We’re managing a bucket with 800M+ documents, which is approaching 1B documents.
The typical document has different fields, but the ones included 100% in the query are “BaseTopic” and “AcquisitionTimestamp”.
We used the index advisor, but we observed too much results with the different possible queries. We cannot afford a multiple index creation since we’re on an edge environment with low resources.
Currently we’re using an index like the following:
CREATE INDEX “idx1” ON bucket.scope.collection (AcquisitionTimestamp, BaseTopic) PARTITION BY HASH (BaseTopic).
BaseTopic is a string like “Environment/DeviceCategory/Device/Event”, while AcquisitionTimestamp it’s a string representing the exact timestamp when the event has been received.
Queries are usually filtered by BaseTopic and AcquisitionTimestamp in a frame of 1 day (e.g. AcquisitionTimestamp >= “2024-07-11T00:00:00” AND AcquistionTimestamp < “2024-07-11T23:59:99.999999”.

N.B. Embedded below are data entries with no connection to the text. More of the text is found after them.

(* Let $O_{(4,1)}(x,y,z,w)=x^4z^2w^2+y^4x^2w^2+z^4x^2y^2+w^4y^2z^2-4x^2y^2z^2w^2$, and let $F$ be a real form of degree $8$ in $x,y,z,w$ with $0\le F\le O_{(4,1)}$ pointwise on $\mathbb R^4$. Let $H$ be the part of $F$ consisting of its terms in the monomials $x^4z^2w^2$, $y^4x^2w^2$, $z^4x^2y^2$, $w^4y^2z^2$, $x^2y^2z^2w^2$, i.e. $H=a\,x^4z^2w^2+b\,y^4x^2w^2+c\,z^4x^2y^2+d\,w^4y^2z^2+e\,x^2y^2z^2w^2$ where $a,b,c,d,e$ are the corresponding coefficients of $F$. Then $H=a\,O_{(4,1)}$, with $0\le a\le1$. *)

From HB Require Import structures.
From mathcomp Require Import all_boot all_order all_algebra.
From mathcomp Require Import reals.
From mathcomp Require Import mpoly.

Set Implicit Arguments.
Unset Strict Implicit.
Unset Printing Implicit Defensive.

Import Order.TTheory GRing.Theory Num.Theory.
Local Open Scope ring_scope.

(* Monomials (exponent vectors (x,y,z,w)). *)
Definition m_xzw : 'X_{1..4} := [multinom [tuple 4%N; 0%N; 2%N; 2%N]].
Definition m_yxw : 'X_{1..4} := [multinom [tuple 2%N; 4%N; 0%N; 2%N]].
Definition m_zxy : 'X_{1..4} := [multinom [tuple 2%N; 2%N; 4%N; 0%N]].
Definition m_wyz : 'X_{1..4} := [multinom [tuple 0%N; 2%N; 2%N; 4%N]].
Definition m_xyzw : 'X_{1..4} := [multinom [tuple 2%N; 2%N; 2%N; 2%N]].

Would the index be more efficient partitioning also on the AcquisitionTimestamp?
Is the fields order impacting the index performance (e.g. partition by “AcquisitionTimestamp, BaseTopic” is different than “BaseTopic, AcquisitionTimestamp”)?
I’m not the index expert, but if you query on the ‘day’ portion of the timestamp, then maybe use the ‘day’ portion of the timestamp in the index and query on that (with substr)? The predicate can be for equality instead of two inequalities.
Hi @mreiche many thanks for your suggestion!
Since we cannot try new indexes at the moment, I would like to better understand the impact of adding the AcquisitionTimestamp in the partitioning, as it is right now.
As you have predicate on BaseTopic and it is most likely equality or IN. So move that leading key so that indexScans will be faster due to it needs to scan only subset of index. If AcquisitionTimestamp is leading key, the query predicate will be range and BaseTopic is spread across index and may need more disk reads. Rule#11 Right Index Option: How to Get the Right Performance
Not sure how many BaseTopic you have if reasonably small then partial index for each type might be better due to length of the BaseTopic may be 40 bytes now look index having 1B*40 bytes (40GB) bigger.
CREATE INDEX ix1 ON bucket.scope.collection (BaseTopic, AcquisitionTimestamp)
PARTITION BY HASH (BaseTopic)
For AcquisitionTimestamp is PARTITION , it must be immutable. Also most queries does range scan, So it can’t do partition elimination(must do scatter gather). Only advantage is if index doesn’t fit one node or partition entries are skewed (i.e. one partition has lot and others less).
Another option remodel bucket to collection and each collection store specific BaseTopic and avoid BaseTopic in document and index which can save more
As @mreiche mentioned if you only query one day you can use SUBSTR(AcquisitionTimestamp,0,10) in index and query or DATE_STR_FORMAT() .
Best option for not changing queries is create new index and drop old index afterwords you will see immediate impact.
I tried on 10M documents, but I’m seeing no performance improvements, even adding the BaseTopic as first index field.
I also tried to partition by “BaseTopic,AcquisitionTimestamp” but didn’t work.
Additionally, I tried to substitute each reference to AcquisitionTimestamp with SUBSTR(AcquisitionTimestamp,0,10) but didn’t get the wanted results.
I partitioned the index also with SUBSTR(AcquisitionTimestamp,0,10) and queried with SUBSTR(AcquisitionTimestamp,0,10) = “YYYY-MM-DD” but nothing improved.